A stable vice is an undesirable behavior demonstrated by horses that are stall bound but also in pastures or small paddocks.  The most common stable vice is probably “wind sucking,” commonly known as “cribbing,” followed by wood chewing, stall weaving or walking, and fence line pacing.  The stable vices are classified as “compulsive” behaviors and termed by some as true addictions.

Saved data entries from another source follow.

Lemma bounded_measurable_coord_prod k : bounded_measurable (coord_prod k).
Proof.
case: iidX => mX _ _; split; last by exists C; exact: norm_coord_prod_le.
by apply: measurable_funM; apply: measurableT_comp.
Qed.

Let bounds_phi k x : 0 <= phi (X k i x) <= Mphi.
Proof. by rewrite phi_ge0 phi_le. Qed.

Let bounds_psi k x : 0 <= psi (X k j x) <= Mpsi.
Proof. by rewrite psi_ge0 psi_le. Qed.

Section approximation.
Variable L : nat.
Let h := Mphi / L.+1%:R.
Let h' := Mpsi / L.+1%:R.

Definition coord_prod_approx k x :=
  stair L.+1 h (phi (X k i x)) * stair L.+1 h' (psi (X k j x)).

Let level (l : 'I_L.+1 * 'I_L.+1) (q : 'I_m) : set R :=
  (if q == i then [set y | l.1.+1%:R * h <= phi y] else setT) `&`
  (if q == j then [set y | l.2.+1%:R * h' <= psi y] else setT).

Let measurable_level l q : measurable (level l q).
Proof.
by apply: measurableI; case: ifP => _; by [exact: measurable_superlevel | exact: measurableT].
Qed.

Let coord_prod_approxE k x :
  coord_prod_approx k x = rect_step X (fun=> h * h') level k x.
Proof.
rewrite /coord_prod_approx /stair mulrACA big_distrlr pair_bigA mulr_sumr.
apply: eq_bigr => -[l l'] _ /=; congr (_ * _); rewrite indicE.
have [hi|/negP hi] := boolP (l.+1%:R * h <= phi (X k i x));
have [hj|/negP hj] := boolP (l'.+1%:R * h' <= psi (X k j x)); rewrite /= ?mulr1 ?mulr0 ?mul0r.
- by rewrite mem_set // => q; split; case: eqP => [->|].
- by rewrite memNset // => /(_ j) [_]; rewrite eqxx; exact: hj.
- by rewrite memNset // => /(_ i) []; rewrite eqxx => /hi.
- by rewrite memNset // => /(_ i) []; rewrite eqxx => /hi.
Qed.

Let approx_rect k : coord_prod_approx k = rect_step X (fun=> h * h') level k :=
  funext (coord_prod_approxE k).

Let bounded_measurable_approx k : bounded_measurable (coord_prod_approx k).
Proof. by rewrite approx_rect; exact: (bounded_measurable_rect_step _ _ iidX _ _ measurable_level). Qed.

Let approx_bounds k x :
  `|coord_prod_approx k x| <= C /\
  `|coord_prod k x - coord_prod_approx k x| <= (Mphi * Mpsi *+ 2) / L.+1%:R.
Proof.
have /andP[a_ge0 aM] := bounds_phi k x; have /andP[b_ge0 bM] := bounds_psi k x.
have := stair_div_bounds L (bounds_phi k x); have := stair_div_bounds L (bounds_psi k x).
have := @stair_ge0 _ L.+1 h (phi (X k i x)) (divr_ge0 Mphi_ge0 (ler0n _ _)).
have := @stair_ge0 _ L.+1 h' (psi (X k j x)) (divr_ge0 Mpsi_ge0 (ler0n _ _)).
rewrite /coord_prod /coord_prod_approx -/h -/h'.
set a := phi _ in a_ge0 aM *; set b := psi _ in b_ge0 bM *.
set a' := stair _ h _; set b' := stair _ h' _ => b'_ge0 a'_ge0 /andP[b_ge b_le] /andP[a_ge a_le].
split; first by apply: norm_le_C; apply/andP; split => //; lra.
have -> : a * b - a' * b' = a * (b - b') + (a - a') * b' by ring.
have -> : (Mphi * Mpsi *+ 2) / L.+1%:R = Mphi * h' + h * Mpsi.
  by rewrite /h /h' mulr2n; field; rewrite addrC natr1 pnatr_eq0.
have t1 : 0 <= a * (b - b') <= Mphi * h'.
  by rewrite mulr_ge0 ?subr_ge0 //= ler_pM // ?subr_ge0 //; lra.
have t2 : 0 <= (a - a') * b' <= h * Mpsi.
  by rewrite mulr_ge0 ?subr_ge0 //= ler_pM // ?subr_ge0 //; lra.
by rewrite ler_norml; apply/andP; split; lra.
Qed.

Let expectr_approx_shift k :
  expectr P (coord_prod_approx k) = expectr P (coord_prod_approx 0).
Proof. by rewrite !approx_rect; exact: expectr_rect_step_shift. Qed.

Let expectr_near k : `|expectr P (coord_prod k) - expectr P (coord_prod_approx k)|
  <= (Mphi * Mpsi *+ 2) / L.+1%:R.
Proof.
apply: ler_norm_expectrB => [|//|x]; first exact: bounded_measurable_coord_prod.
exact: (approx_bounds k x).2.
Qed.

Lemma norm_expectr_coord_prod_shift k :
  `|expectr P (coord_prod k) - expectr P (coord_prod 0)|
  <= (Mphi * Mpsi *+ 2) / L.+1%:R *+ 2.
Proof.
apply: le_trans (ler_distD (expectr P (coord_prod_approx k)) _ _) _.
have near0 := expectr_near 0; have neark := expectr_near k.
rewrite -(expectr_approx_shift k) distrC in near0.
set e := (Mphi * Mpsi *+ 2) / _ in near0 neark *.
by rewrite mulr2n; lra.
Qed.

Lemma norm_expectr_prod_coord_prod N :
  `|expectr P (fun x => \prod_(k < N) coord_prod k x) - \prod_(k < N) expectr P (coord_prod k)|
  <= N%:R * C ^+ N * ((Mphi * Mpsi *+ 2) / L.+1%:R) *+ 2.
Proof.
have bD := bounded_measurable_coord_prod; have bS := bounded_measurable_approx.
have prodS : expectr P (fun x => \prod_(k < N) coord_prod_approx k x) =
    \prod_(k < N) expectr P (coord_prod_approx k).
  under eq_fun do under eq_bigr do rewrite coord_prod_approxE.
  rewrite (expectr_prod_rect_step _ _ iidX _ _ measurable_level).
  by apply: eq_bigr => k _; rewrite approx_rect.
apply: le_trans (ler_distD (\prod_(k < N) expectr P (coord_prod_approx k)) _ _) _.
rewrite mulr2n; apply: lerD.
  rewrite -prodS; apply: ler_norm_expectrB => [||x].
  - by apply: bounded_measurable_prod => k; exact: bD.
  - by apply: bounded_measurable_prod => k; exact: bS.
  apply: ler_norm_prodB => [//|k|k|k]; first exact: norm_coord_prod_le.
    exact: (approx_bounds k x).1.
  exact: (approx_bounds k x).2.
apply: ler_norm_prodB => [//|k|k|k].
- by apply: ler_norm_expectr => [|x]; [exact: bS | exact: (approx_bounds k x).1].
- by apply: ler_norm_expectr => [|x]; [exact: bD | exact: norm_coord_prod_le].
- by rewrite distrC; exact: expectr_near.
Qed.

End approximation.

Lemma expectr_coord_prod_shift k : expectr P (coord_prod k) = expectr P (coord_prod 0).
Proof.
apply: (@eq_of_norm_le_invn _ _ _ (Mphi * Mpsi *+ 2 *+ 2)) => L.
by apply: le_trans (norm_expectr_coord_prod_shift L k) _; rewrite -mulrnAl.
Qed.

Lemma expectr_prod_coord_prod N :
  expectr P (fun x => \prod_(k < N) coord_prod k x) = expectr P (coord_prod 0) ^+ N.
Proof.
have -> : expectr P (coord_prod 0) ^+ N = \prod_(k < N) expectr P (coord_prod k).
  rewrite -[N in _ ^+ N]card_ord -prodr_const.
  by apply: eq_bigr => k _; rewrite expectr_coord_prod_shift.
apply: (@eq_of_norm_le_invn _ _ _ (N%:R * C ^+ N * (Mphi * Mpsi *+ 2) *+ 2)) => L.
by apply: le_trans (norm_expectr_prod_coord_prod L N) _; rewrite mulrA -mulrnAl.
Qed.

End iid_coordinate_products.

(** * Log-optimal portfolios *)

Section simplex.
Context {R : realType} {m : nat}.

Lemma sum_unit_vec (j : 'I_m) (F : 'I_m -> R) : \sum_(l < m) unit_vec j l * F l = F j.
Proof.
rewrite (bigD1 j) //= /unit_vec eqxx mul1r big1 ?addr0 // => l /negbTE ->.
by rewrite mul0r.
Qed.

Lemma simplex_unit_vec (j : 'I_m) : simplexK (unit_vec j : 'I_m -> R).
Proof.
split=> [l|]; first by rewrite /unit_vec; case: eqP.
by under eq_bigr do rewrite -[unit_vec j _]mulr1; rewrite sum_unit_vec.
Qed.

Lemma simplex_mix (i j : 'I_m) (t : R) : 0 <= t <= 1 ->
  simplexK (fun l => (1 - t) * unit_vec j l + t * unit_vec i l).
Proof.
case/andP=> t_ge0 t_le1; split=> [l|].
  by rewrite /unit_vec; case: eqP; case: eqP; lra.
rewrite big_split /= -!mulr_sumr.
by rewrite (proj2 (simplex_unit_vec j)) (proj2 (simplex_unit_vec i)); ring.
Qed.

Lemma simplex_wsum_gt0 [K w : 'I_m -> R] : simplexK K -> (forall l, 0 < w l) ->
  0 < \sum_(l < m) K l * w l.
Proof.
case=> K_ge0 K1 w_gt0; have : \sum_(l < m) K l != 0 by rewrite K1 oner_neq0.
rewrite psumr_neq0 // => /hasP[l _ /andP[_ Kl_gt0]].
rewrite (bigD1 l) //=; have := mulr_gt0 Kl_gt0 (w_gt0 l).
have : 0 <= \sum_(k < m | k != l) K k * w k.
  by apply: sumr_ge0 => k _; rewrite mulr_ge0 // ltW.
lra.
Qed.

End simplex.

Section log_optimal_portfolio.
Context {d : measure_display} {T : measurableType d} {R : realType}.
Context (P : probability T R) {m : nat} (W : 'I_m -> T -> R) (w : 'I_m -> R).
Hypotheses (bounded_measurable_W : forall l, bounded_measurable (W l))
  (w_gt0 : forall l, 0 < w l) (W_ge : forall l x, w l <= W l x).

Definition log_wealth (K : 'I_m -> R) x := ln (\sum_(l < m) K l * W l x).

Let W_gt0 l x : 0 < W l x. Proof. exact: lt_le_trans (w_gt0 l) (W_ge l x). Qed.

Let wealth_ge K x : simplexK K -> \sum_(l < m) K l * w l <= \sum_(l < m) K l * W l x.
Proof. by case=> K_ge0 _; apply: ler_sum => l _; rewrite ler_wpM2l. Qed.

Lemma bounded_measurable_log_wealth [K] : simplexK K -> bounded_measurable (log_wealth K).
Proof.
move=> sK; apply: (bounded_measurable_ln _ (simplex_wsum_gt0 sK w_gt0)) => [|x]; last exact: wealth_ge.
  apply: bounded_measurable_sum => l; apply: bounded_measurableM => //.
  exact: bounded_measurable_cst.
Qed.

Let bounded_measurable_lnW l : bounded_measurable (fun x => ln (W l x)).
Proof. exact: bounded_measurable_ln (bounded_measurable_W l) (w_gt0 l) (W_ge l). Qed.

Lemma log_wealth_unit_vec j x : log_wealth (unit_vec j) x = ln (W j x).
Proof. by rewrite /log_wealth sum_unit_vec. Qed.

Variable j : 'I_m.

Let bounded_measurable_rel l : bounded_measurable (fun x => W l x / W j x).
Proof.
apply: bounded_measurableM => //.
exact: bounded_measurableV (bounded_measurable_W j) (w_gt0 j) (W_ge j).
Qed.

Lemma expectr_log_wealth_le K : simplexK K ->
  (forall l, expectr P (fun x => W l x / W j x) <= 1) ->
  expectr P (log_wealth K) <= expectr P (log_wealth (unit_vec j)).
Proof.
move=> sK rel_le1.
pose gain x := \sum_(l < m) K l * (W l x / W j x) - 1.
have bm_terms l : bounded_measurable (fun x => K l * (W l x / W j x)).
  exact: bounded_measurableM (bounded_measurable_cst _) (bounded_measurable_rel l).
have bm_sum : bounded_measurable (fun x => \sum_(l < m) K l * (W l x / W j x)).
  by apply: bounded_measurable_sum.
have bm_gain : bounded_measurable gain.
  by apply: bounded_measurableD => //; exact: bounded_measurable_cst.
have log_wealth_le x : log_wealth K x <= ln (W j x) + gain x.
  have S_gt0 := lt_le_trans (simplex_wsum_gt0 sK w_gt0) (wealth_ge K x sK).
  have := ln_le_subr1 (divr_gt0 S_gt0 (W_gt0 j x)).
  rewrite ln_div ?posrE // /gain /log_wealth mulr_suml.
  by under [X in _ -> _ <= _ + (X - 1)]eq_bigr do rewrite mulrA; lra.
apply: le_trans (ler_expectr P (bounded_measurable_log_wealth sK)
  (bounded_measurableD (bounded_measurable_lnW j) bm_gain) log_wealth_le) _.
rewrite expectrD // (funext (log_wealth_unit_vec j)) gerDl.
rewrite /gain expectrD ?expectr_cst ?expectr_sum //; last exact: bounded_measurable_cst.
rewrite subr_le0 -(proj2 sK); apply: ler_sum => l _.
by rewrite expectrZl // ler_piMr ?(proj1 sK).
Qed.
(* Let $\mathcal{R},\mathcal{R}',\mathcal{C},\mathcal{C}'$ be partitions of $\{1,\ldots,n\}$ such that $\mathcal{R}'$ is finer than $\mathcal{R}$ and $\mathcal{C}'$ is finer than $\mathcal{C}$. Then $U^{\mathcal{R}\times\mathcal{C}'}$ and $U^{\mathcal{R}'\times\mathcal{C}}$ intersect orthogonally in $\mathbb{R}^{S_n}$ (with the standard inner product), and \[ U^{\mathcal{R}\times\mathcal{C}'}\cap U^{\mathcal{R}'\times\mathcal{C}}=U^{\mathcal{R}\times\mathcal{C}}. \]
   Context: $S_n$ is the group of permutations of $\{1,\ldots,n\}$. A partition $\mathcal{Z}=(Z_1,\ldots,Z_s)$ is finer than $\mathcal{W}=(W_1,\ldots,W_t)$ if every $Z_i$ is contained in some $W_j$. For partitions $\mathcal{R}=(R_i)$, $\mathcal{C}=(C_j)$ of $\{1,\ldots,n\}$, the product partition of the $n\times n$ board is $\mathcal{R}\times\mathcal{C}=(R_i\times C_j)$, and for $\pi\in S_n$ its marginal is the matrix $|\pi_{\mathcal{R}\times\mathcal{C}}|=(t_{ij})$ with $t_{ij}=|\{s:(s,\pi(s))\in R_i\times C_j\}|$. $U^{\mathcal{B}}=\{v\in\mathbb{R}^{S_n}: |\pi_{\mathcal{B}}|=|\sigma_{\mathcal{B}}|\Rightarrow v(\pi)=v(\sigma)\}$. Subspaces $U,V$ intersect orthogonally if the orthogonal projection of $U$ onto $V$ equals $U\cap V$ (equivalently, the orthogonal projections onto $U$ and $V$ commute). *)

From HB Require Import structures.
From mathcomp Require Import all_boot all_order all_algebra all_fingroup.
Set Implicit Arguments. Unset Strict Implicit. Unset Printing Implicit Defensive.
Import Order.TTheory GRing.Theory Num.Theory.
Local Open Scope ring_scope.

Definition vecS (R : realFieldType) (n : nat) := {ffun {perm 'I_n} -> R}.

Definition dotS (R : realFieldType) (n : nat) (u v : vecS R n) : R :=
  \sum_(s : {perm 'I_n}) u s * v s.

Definition finer (n : nat) (Zp Wp : {set {set 'I_n}}) : Prop :=
  forall Z, Z \in Zp -> exists2 W, W \in Wp & Z \subset W.

(* Entry (A,B) of the marginal |pi_{R x C}|: number of s with (s, pi s) in A x B. *)
Definition marg (n : nat) (pi : {perm 'I_n}) (A B : {set 'I_n}) : nat :=
  #|[set s | (s \in A) && (pi s \in B)]|.

Definition same_marg (n : nat) (Rp Cp : {set {set 'I_n}}) (pi sigma : {perm 'I_n}) : Prop :=
  forall A B, A \in Rp -> B \in Cp -> marg pi A B = marg sigma A B.

Definition Usp (R : realFieldType) (n : nat) (Rp Cp : {set {set 'I_n}}) (v : vecS R n) : Prop :=
  forall pi sigma, same_marg Rp Cp pi sigma -> v pi = v sigma.

Definition is_orth_proj (R : realFieldType) (n : nat) (V : vecS R n -> Prop) (u v : vecS R n) : Prop :=
  V v /\ forall w, V w -> dotS (u - v) w = 0.

Definition orth_intersect (R : realFieldType) (n : nat) (U V : vecS R n -> Prop) : Prop :=
  forall x, (exists2 u, U u & is_orth_proj V u x) <-> (U x /\ V x).

From HB Require Import structures.
From mathcomp Require Import all_boot all_order all_algebra all_fingroup.
Import Order.TTheory GRing.Theory Num.Theory.
Local Open Scope ring_scope.
Set Implicit Arguments. Unset Strict Implicit. Unset Printing Implicit Defensive.

(* For a partition P of {1..n} let young P be the Young subgroup
   of permutations fixing every block of P.  Two permutations have the same
   P x Q marginal exactly when they lie in the same double coset
   young P * pi * young Q, so U^{P x Q} is the space of vectors invariant under
   left multiplication by young P and right multiplication by young Q
   (Usp_young).  Refining a partition shrinks its Young subgroup
   (young_finer), so the intersection formula is immediate: left invariance
   comes from R, right invariance from C.
   For orthogonality, take u in U^{R x C'} and average it over right
   multiplication by young C.  The average y stays left invariant under
   young R, is right invariant under young C, and u - y is orthogonal to every
   right young C-invariant vector (dotS_ravg).  Hence y is the orthogonal
   projection of u onto U^{R' x C}; by uniqueness of orthogonal projections
   any projection x of u equals y, which lies in U^{R x C}. *)

Lemma count_enum_card (T : finType) (a : pred T) : count a (enum T) = #|a|.
Proof. by rewrite -sum1_count -sum1_card big_enum_cond. Qed.

Section YoungSubgroups.

Variable n : nat.
Implicit Types (P Q : {set {set 'I_n}}) (pi sigma a b : {perm 'I_n}).

Definition young P : {set {perm 'I_n}} :=
  [set a : {perm 'I_n} | [forall A in P, forall s, (a s \in A) == (s \in A)]].

Lemma youngP P a :
  reflect (forall A s, A \in P -> (a s \in A) = (s \in A)) (a \in young P).
Proof.
rewrite inE; apply: (iffP forall_inP) => [Ha A s /Ha /forallP /(_ s) /eqP //|Ha A /Ha HA].
by apply/forallP => s; rewrite HA.
Qed.

Lemma young_group_set P : group_set (young P).
Proof.
apply/group_setP; split; first by apply/youngP => A s _; rewrite perm1.
move=> a b /youngP Ha /youngP Hb; apply/youngP => A s HA.
by rewrite permM Hb // Ha.
Qed.

Canonical young_group P := group (young_group_set P).

Lemma pblock_partitionE P A s :
  partition P [set: 'I_n] -> A \in P -> (s \in A) = (pblock P s == A).
Proof.
case/and3P => /eqP covP trivP _ HA; apply/idP/eqP => [sA|<-].
  exact: def_pblock.
by rewrite mem_pblock covP inE.
Qed.

Lemma young_pblockP P a : partition P [set: 'I_n] ->
  reflect (forall s, pblock P (a s) = pblock P s) (a \in young P).
Proof.
move=> hP; have covP : cover P = [set: 'I_n] by case/and3P: hP => /eqP.
apply: (iffP (youngP P a)) => [Ha s | Ha A s HA].
  have PsP : pblock P s \in P by rewrite pblock_mem // covP inE.
  apply/eqP; rewrite -(pblock_partitionE _ hP PsP) Ha //.
  by rewrite mem_pblock covP inE.
by rewrite !(pblock_partitionE _ hP HA) Ha.
Qed.

Lemma young_finer P P' : partition P [set: 'I_n] -> partition P' [set: 'I_n] ->
  finer P' P -> young P' \subset young P.
Proof.
move=> hP hP' hfin; apply/subsetP => a /(young_pblockP _ hP') Ha.
apply/(young_pblockP _ hP) => s.
have trivP : trivIset P by case/and3P: hP.
have covP' : cover P' = [set: 'I_n] by case/and3P: hP' => /eqP.
have ZP' : pblock P' s \in P' by rewrite pblock_mem // covP' inE.
have [W WP ZW] := hfin _ ZP'.
have inW t : pblock P' t = pblock P' s -> t \in W.
  by move=> Et; apply: (subsetP ZW); rewrite -Et mem_pblock covP' inE.
by rewrite (def_pblock trivP WP (inW _ (Ha s))) (def_pblock trivP WP (inW _ erefl)).
Qed.

Lemma marg_mull P pi a A B : a \in young P -> A \in P ->
  marg (a * pi)%g A B = marg pi A B.
Proof.
move=> /youngP Ha HA; rewrite /marg -[RHS](card_preimset _ (@perm_inj _ a)).
by apply: eq_card => s; rewrite !inE permM Ha.
Qed.

Lemma marg_mulr Q pi b A B : b \in young Q -> B \in Q ->
  marg (pi * b)%g A B = marg pi A B.
Proof.
by move=> /youngP Hb HB; apply: eq_card => s; rewrite !inE permM Hb.
Qed.

Definition bsig P Q pi (s : 'I_n) := (pblock P s, pblock Q (pi s)).

Lemma card_bsig P Q pi A B :
  partition P [set: 'I_n] -> partition Q [set: 'I_n] -> A \in P -> B \in Q ->
  #|[pred s | bsig P Q pi s == (A, B)]| = marg pi A B.
Proof.
move=> hP hQ HA HB; apply: eq_card => s.
by rewrite !inE /bsig xpair_eqE -(pblock_partitionE _ hP HA) -(pblock_partitionE _ hQ HB).
Qed.

Lemma same_marg_bsig P Q pi sigma :
  partition P [set: 'I_n] -> partition Q [set: 'I_n] -> same_marg P Q pi sigma ->
  perm_eq [tuple bsig P Q sigma i | i < n] [tuple bsig P Q pi i | i < n].
Proof.
move=> hP hQ hm; apply/allP => -[A B] _; apply/eqP.
rewrite /= !count_map -enumT !count_enum_card.
have [/andP [HA HB]|notPQ] := boolP ((A \in P) && (B \in Q)).
  by rewrite !card_bsig // hm.
have covP : cover P = [set: 'I_n] by case/and3P: hP => /eqP.
have covQ : cover Q = [set: 'I_n] by case/and3P: hQ => /eqP.
have bsig_out rho s : (bsig P Q rho s == (A, B)) = false.
  apply/negbTE/eqP; rewrite /bsig => -[EA EB]; move: notPQ; rewrite -EA -EB.
  by rewrite !pblock_mem ?covP ?covQ ?inE.
by apply: eq_card => s; rewrite !inE !bsig_out.
Qed.

Lemma same_marg_double_coset P Q pi sigma :
  partition P [set: 'I_n] -> partition Q [set: 'I_n] -> same_marg P Q pi sigma ->
  exists a b, [/\ a \in young P, b \in young Q & sigma = (a * pi * b)%g].
Proof.
move=> hP hQ hm; have /tuple_permP [p Ep] := same_marg_bsig hP hQ hm.
have Esig s : bsig P Q sigma s = bsig P Q pi (p s).
  have := congr1 (fun t => nth (bsig P Q sigma s) t s) Ep.
  by rewrite -!tnth_nth !tnth_mktuple.
exists p, (pi^-1 * p^-1 * sigma)%g; split.
- by apply/(young_pblockP _ hP) => s; case: (Esig s).
- apply/(young_pblockP _ hQ) => t; set s := (p^-1 (pi^-1 t))%g.
  have Et : t = pi (p s) by rewrite /s !permKV.
  by rewrite !permM -/s; case: (Esig s) => _ ->; rewrite -Et.
- by rewrite !mulgA mulgK mulgV mul1g.
Qed.

End YoungSubgroups.

Section Invariance.

Variables (R : realFieldType) (n : nat).
Implicit Types (G H : {set {perm 'I_n}}) (u v w x y : vecS R n).

Definition linv G v := forall a pi, a \in G -> v (a * pi)%g = v pi.
Definition rinv H v := forall pi b, b \in H -> v (pi * b)%g = v pi.

Lemma linv_sub G G' v : G' \subset G -> linv G v -> linv G' v.
Proof. by move=> /subsetP sG Hv a pi /sG; apply: Hv. Qed.

Lemma rinv_sub H H' v : H' \subset H -> rinv H v -> rinv H' v.
Proof. by move=> /subsetP sH Hv pi b /sH; apply: Hv. Qed.

Lemma Usp_young (P Q : {set {set 'I_n}}) v :
  partition P [set: 'I_n] -> partition Q [set: 'I_n] ->
  Usp P Q v <-> linv (young P) v /\ rinv (young Q) v.
Proof.
move=> hP hQ; split => [Hv | [Hl Hr] pi sigma hm].
  split=> [a pi Ha | pi b Hb]; apply: esym; apply: Hv => A B HA HB.
    by rewrite (marg_mull _ _ Ha HA).
  by rewrite (marg_mulr _ _ Hb HB).
have [a [b [Ha Hb ->]]] := same_marg_double_coset hP hQ hm.
by rewrite Hr // Hl.
Qed.

Lemma Usp_subr (P Q : {set {set 'I_n}}) v w :
  Usp P Q v -> Usp P Q w -> Usp P Q (v - w).
Proof. by move=> Hv Hw pi sigma hm; rewrite !ffunE (Hv _ _ hm) (Hw _ _ hm). Qed.

Lemma dotSB u v w : dotS (u - v) w = dotS u w - dotS v w.
Proof. by rewrite /dotS -sumrB; apply: eq_bigr => s _; rewrite !ffunE mulrBl. Qed.

Lemma dotS_self_eq0 v : dotS v v = 0 -> v = 0.
Proof.
move=> v0; apply/ffunP => s; rewrite ffunE; apply/eqP; rewrite -[_ == 0]orbb -mulf_eq0.
apply/eqP; apply: (@psumr_eq0P _ _ predT (fun s => v s * v s)) => // t _.
by rewrite -expr2 sqr_ge0.
Qed.

Lemma orth_proj_unique (V : vecS R n -> Prop) u x y :
  (forall v w, V v -> V w -> V (v - w)) ->
  is_orth_proj V u x -> is_orth_proj V u y -> x = y.
Proof.
move=> subV [Vx ox] [Vy oy]; apply/eqP; rewrite -subr_eq0; apply/eqP.
apply: dotS_self_eq0.
have Exy : x - y = (u - y) - (u - x) by rewrite opprB [u - y + _]addrC addrA addrNK.
have Vxy : V (x - y) := subV _ _ Vx Vy.
by rewrite {1}Exy dotSB ox // oy // subrr.
Qed.

Section Averaging.

Variable H : {group {perm 'I_n}}.

Definition ravg u : vecS R n :=
  [ffun pi => (#|H|%:R)^-1 * \sum_(h in H) u (pi * h)%g].

Lemma ravg_rinv u : rinv H (ravg u).
Proof.
move=> pi b Hb; rewrite !ffunE; congr (_ * _).
rewrite [RHS](reindex_inj (mulgI b)) /=.
by apply: eq_big => [h|h _]; rewrite ?groupMl ?mulgA.
Qed.

Lemma ravg_linv G u : linv G u -> linv G (ravg u).
Proof.
move=> Hu a pi Ha; rewrite !ffunE; congr (_ * _).
by apply: eq_bigr => h _; rewrite -mulgA Hu.
Qed.

Lemma dotS_ravg u w : rinv H w -> dotS (ravg u) w = dotS u w.
Proof.
move=> Hw; rewrite /dotS.
under eq_bigr => pi _ do rewrite ffunE -mulrA mulr_suml.
rewrite -mulr_sumr exchange_big /=.
rewrite (eq_bigr (fun _ => \sum_s u s * w s)) => [|h Hh].
  have H0 : (#|H|%:R : R) != 0 by rewrite pnatr_eq0 -lt0n cardG_gt0.
  by rewrite sumr_const -[X in _ * X]mulr_natl mulrA mulVf // mul1r.
rewrite [RHS](reindex_inj (mulIg h)) /=.
by apply: eq_bigr => pi _; rewrite Hw.
Qed.

End Averaging.

End Invariance.

Theorem lemma2 (R : realFieldType) (n : nat)
  (Rp Rp' Cp Cp' : {set {set 'I_n}})
  (hR : partition Rp [set: 'I_n]) (hR' : partition Rp' [set: 'I_n])
  (hC : partition Cp [set: 'I_n]) (hC' : partition Cp' [set: 'I_n])
  (hRR : finer Rp' Rp) (hCC : finer Cp' Cp) :
  orth_intersect (@Usp R n Rp Cp') (@Usp R n Rp' Cp) /\
  (forall v : vecS R n, (@Usp R n Rp Cp' v /\ @Usp R n Rp' Cp v) <-> @Usp R n Rp Cp v).
Proof.
have sR := young_finer hR hR' hRR; have sC := young_finer hC hC' hCC.
(* Intersection: left invariance comes from Rp, right invariance from Cp. *)
have capE (v : vecS R n) : Usp Rp Cp' v /\ Usp Rp' Cp v <-> Usp Rp Cp v.
  split=> [[/(Usp_young _ hR hC') [Hl _] /(Usp_young _ hR' hC) [_ Hr]] |].
    exact/(Usp_young _ hR hC).
  move=> /(Usp_young _ hR hC) [Hl Hr]; split; apply/Usp_young => //.
    by split; [|apply: rinv_sub Hr].
  by split; [apply: linv_sub Hl|].
(* A projection x of u onto U^{Rp' x Cp} is the right young Cp-average of u. *)
split=> // x; split=> [[u /(Usp_young _ hR hC') [Hl _] projx] | [Ux Vx]].
  pose y := ravg (young_group Cp) u.
  have projy : is_orth_proj (Usp Rp' Cp) u y.
    split=> [|w /(Usp_young _ hR' hC) [_ Hw]]; last by rewrite dotSB dotS_ravg ?subrr.
    apply/Usp_young => //; split; last exact: ravg_rinv.
    by apply: linv_sub sR _; apply: ravg_linv.
  rewrite (orth_proj_unique (@Usp_subr R n Rp' Cp) projx projy); apply/capE.
  by apply/Usp_young => //; split; [apply: ravg_linv | apply: ravg_rinv].
exists x => //; split=> // w _.
by rewrite subrr /dotS big1 // => s _; rewrite ffunE mul0r.
Qed.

There is scientific evidence that the compulsive vices cause a release of endorphins, chemicals in the brain that act like opiate narcotics, such as morphine.  The endorphins cause a general feeling of well-being, which long-distance runners often note when they reach a point where these chemicals are released by the body.  It has been demonstrated that drugs that block or reverse the effects of the endorphins will halt the stable vice temporarily.  Researchers do not know what factors lead to the development of cribbing, but it is often attributed to some degree of boredom.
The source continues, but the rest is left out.